Word vectors are generated by analyzing vast amounts of text data. If this data contains biased language or perspectives—like stereotypical roles, unequal representation of genders, races, ethnicities, or any other group—these biases are learned by the model.

**Real-World Example:**

Imagine we have a model that helps companies decide who to interview for jobs. This model is taught how to pick candidates by looking at old job ads and the resumes of people who got those jobs. If most of these old ads for engineering jobs talk about men or use words more often used when talking about men, the model starts to think that engineering jobs are mostly for men. And if ads for nursing jobs do the same for women, the model thinks nursing is mostly for women.

Now, when this model looks at new applications, it might prefer men for engineering jobs and women for nursing jobs, not because it's trying to be unfair, but because that's what it learned from the old ads and resumes. This happened for real with some hiring models, making it harder for women to get considered for some tech jobs.

b. What is one method you can use to mitigate bias exhibited by word vectors?  Briefly describe a real-world example that demonstrates this method.


### SOLUTION


**Adversarial Training for Equalizing Word Representations:**

Adversarial training involves training a model to simultaneously generate word embeddings while also training an adversary to predict sensitive attributes from these embeddings. The goal is to encourage the model to generate embeddings that do not contain information about the sensitive attributes, effectively equalizing the representations across different groups.

**Real-World Example:**

Consider a scenario where a machine learning model is trained to generate word embeddings using a dataset containing text data from various sources, including social media posts, news articles, and literature. To mitigate biases related to gender, the model is trained using an adversarial setup:

Embedding Generation: The model learns to generate word embeddings from the input text data, aiming to capture semantic information while minimizing the influence of sensitive attributes like gender.

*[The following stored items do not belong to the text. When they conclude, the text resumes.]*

(* Let $\mathfrak{H}$ be a Hoffman graph in which every slim vertex has exactly one fat neighbour, and suppose $\mathcal{S}(\mathfrak{H})$ is isomorphic to $\mathcal{Q}_{p,q,r}$ for some non-negative integers $p,q,r$ with $p+q\le r$. Then $\mathfrak{H}$ is an induced Hoffman subgraph of a Hoffman graph $\mathfrak{H}'$ with $V^s(\mathfrak{H}')=V^s(\mathfrak{H})$ that has a decomposition $\{\mathfrak{H}^i\}_{i=1}^r$ in which every $\mathfrak{H}^i$ is isomorphic to $\mathfrak{H}_{\rm XVI}$, $\mathfrak{H}_{\rm XVII}$, or $\mathfrak{H}_{\rm II}$. In particular, if $r\ge2$ then $\mathfrak{H}$ is $(-1-\tau)$-reducible, where $\tau=\frac{1+\sqrt5}{2}$.
   Context: A Hoffman graph $\mathfrak{H}$ is a finite simple graph $H$ together with a labeling of each vertex as slim or fat, such that every fat vertex is adjacent to at least one slim vertex and the fat vertices are pairwise non-adjacent. $V^s(\mathfrak{H})$ denotes the set of slim vertices and $N^f_{\mathfrak{H}}(x)$ the set of fat neighbours of $x$. Isomorphisms of Hoffman graphs are graph isomorphisms preserving labels. An induced Hoffman subgraph is a Hoffman graph whose underlying graph is an induced subgraph with inherited labels. Writing the adjacency matrix of $H$ with fat vertices last as $\begin{pmatrix}A_s & C\\ C^T & O\end{pmatrix}$, set $B(\mathfrak{H})=A_s-CC^T$; $\lambda_{\min}(\mathfrak{H})$ is its smallest eigenvalue. A decomposition of $\mathfrak{H}$ is a family $\{\mathfrak{H}^i\}_{i=1}^n$ of induced Hoffman subgraphs such that: (i) $V(\mathfrak{H})=\bigcup_i V(\mathfrak{H}^i)$; (ii) slim vertex sets of distinct members are disjoint; (iii) if $x\in V^s(\mathfrak{H}^i)$ and $y$ is a fat neighbour of $x$ in $\mathfrak{H}$, then $y\in V(\mathfrak{H}^i)$; (iv) if $x\in V^s(\mathfrak{H}^i)$, $y\in V^s(\mathfrak{H}^j)$, $i\neq j$, then $|N^f_{\mathfrak{H}}(x)\cap N^f_{\mathfrak{H}}(y)|\le 1$, with equality iff $x,y$ are adjacent. For $\alpha<0$, a Hoffman graph $\mathfrak{H}$ with $\lambda_{\min}(\mathfrak{H})\ge\alpha$ is $\alpha$-reducible if there exist a Hoffman graph $\mathfrak{H}'$ containing $\mathfrak{H}$ as an induced Hoffman subgraph and a decomposition $\{\mathfrak{H}^1,\mathfrak{H}^2\}$ of $\mathfrak{H}'$ with $\lambda_{\min}(\mathfrak{H}^i)\ge\alpha$ and $V^s(\mathfrak{H}^i)\cap V^s(\mathfrak{H})\ne\emptyset$ for $i=1,2$. The special graph $\mathcal{S}(\mathfrak{H})$ is the edge-signed graph with vertex set $V^s(\mathfrak{H})$ in which distinct $u,v$ are joined by a $(+)$-edge iff adjacent in $\mathfrak{H}$ with no common fat neighbour, by a $(-)$-edge iff non-adjacent in $\mathfrak{H}$ with a common fat neighbour, and not joined otherwise. For $p+q\le r$, $\mathcal{Q}_{p,q,r}$ is the edge-signed graph with vertex set a disjoint union $V_p\cup V_q\cup V_r$ of sizes $p,q,r$, with disjoint $U_p,U_q\subseteq V_r$ of sizes $p,q$ and bijections $\sigma:V_p\to U_p$, $\rho:V_q\to U_q$; $(+)$-edges: all pairs of distinct vertices of $V_r$ and all $\{v,\sigma(v)\}$, $v\in V_p$; $(-)$-edges: all $\{v,\rho(v)\}$, $v\in V_q$; no other edges. Named Hoffman graphs: $\mathfrak{H}_{\rm II}$ has one slim vertex $v$, two fat vertices $f_1,f_2$, edges $\{v,f_1\},\{v,f_2\}$. $\mathfrak{H}_{\rm XVI}$ has slim vertices $v_1,v_2$, fat vertices $f_1,f_2,f_3$, edges $\{v_1,v_2\},\{v_1,f_1\},\{v_1,f_2\},\{v_2,f_3\}$. $\mathfrak{H}_{\rm XVII}$ has slim vertices $v_1,v_2$, fat vertices $f_1,f_2$, edges $\{v_1,f_1\},\{v_1,f_2\},\{v_2,f_2\}$. *)

From HB Require Import structures.
From mathcomp Require Import all_boot all_order all_algebra all_field.
Set Implicit Arguments. Unset Strict Implicit. Unset Printing Implicit Defensive.
Import Order.TTheory GRing.Theory Num.Theory.
Local Open Scope ring_scope.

Adversarial Training: Simultaneously, an adversary model is trained to predict the gender of individuals mentioned in the text based on the generated word embeddings. The adversary's objective is to correctly predict gender while the embedding model aims to generate embeddings that confuse the adversary.

Equalization Objective: The embedding model is optimized using an objective function that penalizes the adversary's ability to predict gender from the embeddings. This encourages the embedding model to generate embeddings that are indistinguishable in terms of gender, effectively equalizing the representations across different gender groups.